Democracy in Action
So, let's say you have 4 candidates running for Governor as Democrats. Eventually, one of the candidates will be endorsed by the DFL party, but all of them can keep running for Governor to the primary election and then the voters decide who will be the DFL candidate in the General Election. The system is supposed to be a way to keep the party in the hands of the people - the grassroots system of choosing who is endorsed, rather than just some "party bosses" choosing the candidate for the party. Unfortunately, the public still has the perception that only the real lefties and righties attend the caucuses and Conventions and that the endorsement is still some sort of coronation. The endorsement may not actually help a candidate in the primary, but hurt him. Senator Mark Dayton knew he had no chance of getting the DFL endorsement, so he didn't even bother with the caucus sytem and just focused on the primary and obviously won.
So, is the caucus stuff even worth your time? Back when I was in college I was a political science major and very involved in politics. I was a Republican back then and always attended my caucuses with the handful of other Republicans in very liberal Minneapolis. Then in law school I stopped trying to rebel against my hippie parents and became disillusioned by the GOP that was overtaken by the religious right social conservatives and became a Democrat. I was fairly active in DFL politics and attended caucuses then. After graduating I just didn't see the point and haven't been to a caucus in a while. But since I bitch and complain about how things are going in this country and in this state, I decided I had to get involved again this year and attended my DFL caucus last night. I'm still not sure it wasn't a complete waste of time, but I feel better knowing I went.
We spent most of our time debating resolutions. Anyone can write a resolution and present it to the caucus. We debate them and if they are passed, they are passed along up the line to the conventions and eventually they become part of our party's platform. The most famous resolution to begin at the caucus level was a resolution from outstate Minnesota that eventually resulted in the formation of the Peace Corps. Our caucuses resolutions were about Univeral Health Care, funding ECFE, immigration, voting, the mimnimum wage and some party stuff. Most of them passed without much debate because we really were all pretty lefty and pretty much agree on how things should work. Despite living in a major Metropolitan city, my caucus looked pretty suburban. It was all white middle class people. There was one guy who was a European immigrant and one guy who is a Union worker. One guy is a very famous DFL political commentator and activist. One woman said she's a financial advisor. You know I'm a lawyer. There were lots of senior citizens. I guess if I still lived in Minneapolis, things might be a little more diverse. Or perhaps even a different neighborhood in St. Paul.
Anyway, I wish I had brought this along to the caucus and gotten some knitting done too:
They fit into the Project Spectrum pink March very well, don't they? As you might be able to tell, I am using Lantern Moon rosewood needles on these. I broke another one last night. I started these on my trip to Mexico and had broken a couple of needles on the trip. I contacted Lantern Moon and they were nice enough to replace them with a new set. Extremely generous and very, very good customer service.
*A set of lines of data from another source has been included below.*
(* For all positive integers $n\geq 2$ and $t$, the double Roman domination number of $S(K_n,t)$ is $$\gamma_{dR}(S(K_n,t))=\begin{cases}3\left\lceil\frac{n^t}{n+1}\right\rceil & \text{if } t \text{ is odd},\\[2pt] 3\left\lceil\frac{n^t}{n+1}\right\rceil-1 & \text{if } t \text{ is even}.\end{cases}$$
   Context: For a positive integer $n$ let $[n]=\{1,\dots,n\}$. For positive integers $n,t$, the Sierpiński graph $S(K_n,t)$ is the simple graph with vertex set $[n]^t$ (words $v_1v_2\cdots v_t$ with $v_i\in[n]$), in which $u_1\cdots u_t$ and $v_1\cdots v_t$ are adjacent if and only if there is $s\in[t]$ with $u_j=v_j$ for all $j<s$, $u_s\neq v_s$, and $u_j=v_s$ and $v_j=u_s$ for all $j>s$. A double Roman dominating function on a graph $G=(V,E)$ is a function $f:V\to\{0,1,2,3\}$ such that (i) every vertex $u$ with $f(u)=0$ has either a neighbor $v$ with $f(v)=3$ or two distinct neighbors $w,x$ with $f(w)=f(x)=2$, and (ii) every vertex $u$ with $f(u)=1$ has a neighbor $v$ with $f(v)\geq 3$. Its weight is $\sum_{v\in V}f(v)$, and the double Roman domination number $\gamma_{dR}(G)$ is the minimum weight of a double Roman dominating function on $G$. *)

From mathcomp Require Import all_boot all_order.
Set Implicit Arguments. Unset Strict Implicit. Unset Printing Implicit Defensive.

Definition weight (T : finType) (f : {ffun T -> 'I_4}) : nat :=
  \sum_(v : T) (f v : nat).
(* Let $N>4$ be an integer. Consider the problem of finding $z\in C^2(\mathbb{R})$ with $$-z''(t)+(N-4)z'(t)+(2N-4)z(t)=\frac{N-1}{2}\,z(t)^2\qquad (t\in\mathbb{R}),$$ $$\lim_{t\to-\infty}e^tz(t)=0=\lim_{t\to+\infty}e^tz(t).$$ This problem has a continuum of non-trivial positive solutions; in particular, there exist uncountably many pairwise distinct solutions $z$ with $z(t)>0$ for all $t\in\mathbb{R}$.
   Context: Via $w=e^tz$, this problem is equivalent to the radial entire problem $-w''+(N-2)w'+(N-1)w=\frac{N-1}{2}e^{-t}w^2$ on $\mathbb{R}$ with $w(\pm\infty)=0$, coming from $\Delta^2u=S_2[u]$ in $\mathbb{R}^N$. *)

From Stdlib Require Import Reals.
From Coquelicot Require Import Coquelicot.
Open Scope R_scope.

Definition C2 (z : R -> R) : Prop :=
  (forall t, ex_derive z t) /\
  (forall t, ex_derive (Derive z) t) /\
  (forall t, continuous (Derive (Derive z)) t).

Definition is_solution (N : nat) (z : R -> R) : Prop :=
  C2 z /\
  (forall t : R,
     - Derive (Derive z) t + (INR N - 4) * Derive z t + (2 * INR N - 4) * z t
     = (INR N - 1) / 2 * (z t) ^ 2) /\
  is_lim (fun t => exp t * z t) m_infty 0 /\
  is_lim (fun t => exp t * z t) p_infty 0.

Definition positive_fun (z : R -> R) : Prop := forall t : R, 0 < z t.

From Stdlib Require Import Reals Lra Lia Classical ClassicalEpsilon.
From Coquelicot Require Import Coquelicot.
Open Scope R_scope.

(* Write the equation as the system [z' = v], [v' = (N - 4) v + (2N - 4) z - (N - 1)/2 z^2].
   With the quadratic term frozen outside [[-6, 6]], Picard iteration gives global solutions
   depending Lipschitz-continuously on the data. Shoot from [z(0) = 1], [v(0) = -s]: the [s] for
   which [v] turns positive while [z > 0], and those for which [z] turns negative while [v < 0],
   form disjoint open sets, the first containing [s = 0] but not [s = N]; so some [s > 0] lies in
   neither. For it, [z] stays in [(0, 1]] for [t >= 0] and decays like [e^(-3t/2)]. The energy
   [v^2/2 + V(z)], [V(z) = -(N - 2) z^2 + (N - 1)/6 z^3], never decreases, hence is [<= 0] at
   [t = 0], which keeps [z] in [(0, 6)] for [t <= 0] because [V(0) = 0 < V(6)]. This [z] is a
   positive solution, and as [z > 0] tends to [0] at [+oo], its translates are pairwise
   distinct: there are as many of them as reals. *)

Lemma exp_le_mono x y : x <= y -> exp x <= exp y.
Proof. intros [H|H]; [left; apply exp_increasing, H|rewrite H; apply Rle_refl]. Qed.

Lemma exp_ge1 x : 0 <= x -> 1 <= exp x.
Proof. intros H. rewrite <- exp_0. apply exp_le_mono, H. Qed.

Lemma exp_mul_exp_neg x : exp x * exp (- x) = 1.
Proof. rewrite <- exp_plus, Rplus_opp_r. apply exp_0. Qed.

Lemma ex_RInt_cont (f : R -> R) a b : (forall s, continuous f s) -> ex_RInt f a b.
Proof. intros Hf; apply (@ex_RInt_continuous R_CompleteNormedModule); auto. Qed.

Lemma is_derive_RInt_cont (f : R -> R) c t : (forall s, continuous f s) ->
  is_derive (fun t => c + RInt f 0 t) t (f t).
Proof.
  intros Hf.
  assert (HI : is_derive (RInt f 0) t (f t)).
  { apply is_derive_RInt with (a := 0); [|apply Hf].
    apply filter_forall. intros b. apply RInt_correct, ex_RInt_cont, Hf. }
  assert (H := is_derive_plus _ _ t _ _ (is_derive_const c t) HI).
  unfold plus, zero in H; simpl in H. rewrite Rplus_0_l in H. exact H.
Qed.

Lemma continuous_RInt_cont (f : R -> R) c t : (forall s, continuous f s) ->
  continuous (fun t => c + RInt f 0 t) t.
Proof.
  intros Hf. apply (@ex_derive_continuous R_AbsRing R_NormedModule).
  eexists. apply is_derive_RInt_cont, Hf.
Qed.

Lemma RInt_minus_cont (f g : R -> R) a b :
  (forall s, continuous f s) -> (forall s, continuous g s) ->
  RInt (fun s => f s - g s) a b = RInt f a b - RInt g a b.
Proof.
  intros Hf Hg. apply (RInt_minus (V := R_CompleteNormedModule)); apply ex_RInt_cont; auto.
Qed.

Lemma MVT_lower_bound (f df : R -> R) a b m : a <= b ->
  (forall x, a <= x <= b -> is_derive f x (df x)) ->
  (forall x, a <= x <= b -> m <= df x) -> m * (b - a) <= f b - f a.
Proof.
  intros Hab Hd Hm.
  destruct (MVT_gen f a b df) as [c [Hc ->]];
    rewrite ?Rmin_left, ?Rmax_right in * by lra.
  - intros x Hx. apply Hd. lra.
  - intros x Hx. apply continuity_pt_filterlim, (@ex_derive_continuous R_AbsRing R_NormedModule).
    exists (df x). apply Hd, Hx.
  - apply Rmult_le_compat_r; [lra|]. apply Hm, Hc.
Qed.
I highly recommend them. Unfortunately, as I said, I broke one of the new needles last night. I think size 1 is just too small for Rosewood needles. I'm going to stick with the more sturdy ebony needles from now on, at least for needles under size 3.
I've also been reading "A Million Little Pieces". I wish I had read this before the news of Mr. Frey's deception came out. Now that he has admitted that he exaggerated things, I feel like I can tell when he's going off the tracks. There are places where he talks about his addiction and his feelings that sound very real and honest to me. But then he starts going off on what a tough guy he is and how everyone is scared of him and it sounds like so much braggadocio. It annoys me and takes me right out of the book. I'm also not sure I love his style. He creates these long compound sentences with a lot of "ands" in them. Let me find one. Okay, I just opened the book and looked at the first sentence of a paragraph and this is what I find:
I walk to the Dining Hall and I get in line and I grab a tray and I take a deep breath and the smell of the food floods my body and I am hungry, hungry, hungry and I want to eat and I want to eat a lot.
So, that's pretty typical. The repetition you see in there is typical too. Since I'm already annoyed with him and finding him a braggart, I find that repetition a bit pretentious. I'm about 1/4 of the way through and I'm trying to decide whether to finish or not. I hardly ever not finish books. But, life is short, you know?
Speaking of books, I'm thinking about joining Zooba. Anyone had any experience with them? There are a fair number of best sellers and knitting books that I think I'd like for only $10 each and I generally buy at least one book a month, so it seems like it might be a good choice for me.